= The task =
The full listing below is to be written out exactly.

▼▼▼

Lemma exp_monotone (x y : R) : x <= y -> exp x <= exp y.
Proof. intros [H|H]; [apply Rlt_le, exp_increasing; exact H | subst; lra]. Qed.

Lemma exp_INR_mult (n : nat) (x : R) : exp (INR n * x) = exp x ^ n.
Proof.
  induction n as [|n IH]; [simpl; rewrite Rmult_0_l; apply exp_0|].
  rewrite S_INR, Rmult_plus_distr_r, Rmult_1_l, exp_plus, IH; simpl; ring.
Qed.

Lemma exp_logp (x : R) : exp (logp x) = Rmax 1 x.
Proof.
  unfold logp. destruct (Rle_lt_dec x 0) as [Hx|Hx].
  - assert (Hln : ln x = 0) by (unfold ln; destruct (Rlt_dec 0 x); [exfalso; lra | reflexivity]).
    rewrite Hln, Rmax_left, Rmax_left by lra; apply exp_0.
  - destruct (Rle_lt_dec 1 x) as [H1|H1].
    + assert (0 <= ln x) by (rewrite <- ln_1; apply ln_le; lra).
      rewrite !Rmax_right by lra; apply exp_ln; lra.
    + assert (ln x < 0) by (rewrite <- ln_1; apply ln_increasing; lra).
      rewrite !Rmax_left by lra; apply exp_0.
Qed.

Lemma logp_ln (x : R) : logp x = ln (Rmax 1 x).
Proof. rewrite <- exp_logp, ln_exp; reflexivity. Qed.

Lemma logp_ge0 (x : R) : 0 <= logp x.
Proof. apply Rmax_l. Qed.

Lemma Rmax1_pos (x : R) : 0 < Rmax 1 x.
Proof. pose proof (Rmax_l 1 x); lra. Qed.

Lemma logp_upper (x A E : R) : 1 <= A -> 0 <= E -> x <= A * exp E -> logp x <= ln A + E.
Proof.
  intros HA HE Hx.
  assert (H1 : 1 <= exp E) by (rewrite <- exp_0; apply exp_monotone; lra).
  rewrite logp_ln, <- (ln_exp E), <- ln_mult by (lra || apply exp_pos).
  apply ln_le; [apply Rmax1_pos|]. apply Rmax_lub; nra.
Qed.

▲▲▲

= Expected output =
Lemma exp_monotone (x y : R) : x <= y -> exp x <= exp y.
Proof. intros [H|H]; [apply Rlt_le, exp_increasing; exact H | subst; lra]. Qed.

Lemma exp_INR_mult (n : nat) (x : R) : exp (INR n * x) = exp x ^ n.
Proof.
  induction n as [|n IH]; [simpl; rewrite Rmult_0_l; apply exp_0|].
  rewrite S_INR, Rmult_plus_distr_r, Rmult_1_l, exp_plus, IH; simpl; ring.
Qed.

Lemma exp_logp (x : R) : exp (logp x) = Rmax 1 x.
Proof.
  unfold logp. destruct (Rle_lt_dec x 0) as [Hx|Hx].
  - assert (Hln : ln x = 0) by (unfold ln; destruct (Rlt_dec 0 x); [exfalso; lra | reflexivity]).
    rewrite Hln, Rmax_left, Rmax_left by lra; apply exp_0.
  - destruct (Rle_lt_dec 1 x) as [H1|H1].
    + assert (0 <= ln x) by (rewrite <- ln_1; apply ln_le; lra).
      rewrite !Rmax_right by lra; apply exp_ln; lra.
    + assert (ln x < 0) by (rewrite <- ln_1; apply ln_increasing; lra).
      rewrite !Rmax_left by lra; apply exp_0.
Qed.

Lemma logp_ln (x : R) : logp x = ln (Rmax 1 x).
Proof. rewrite <- exp_logp, ln_exp; reflexivity. Qed.

Lemma logp_ge0 (x : R) : 0 <= logp x.
Proof. apply Rmax_l. Qed.

Lemma Rmax1_pos (x : R) : 0 < Rmax 1 x.
Proof. pose proof (Rmax_l 1 x); lra. Qed.

Lemma logp_upper (x A E : R) : 1 <= A -> 0 <= E -> x <= A * exp E -> logp x <= ln A + E.
Proof.
  intros HA HE Hx.
  assert (H1 : 1 <= exp E) by (rewrite <- exp_0; apply exp_monotone; lra).
  rewrite logp_ln, <- (ln_exp E), <- ln_mult by (lra || apply exp_pos).
  apply ln_le; [apply Rmax1_pos|]. apply Rmax_lub; nra.
Qed.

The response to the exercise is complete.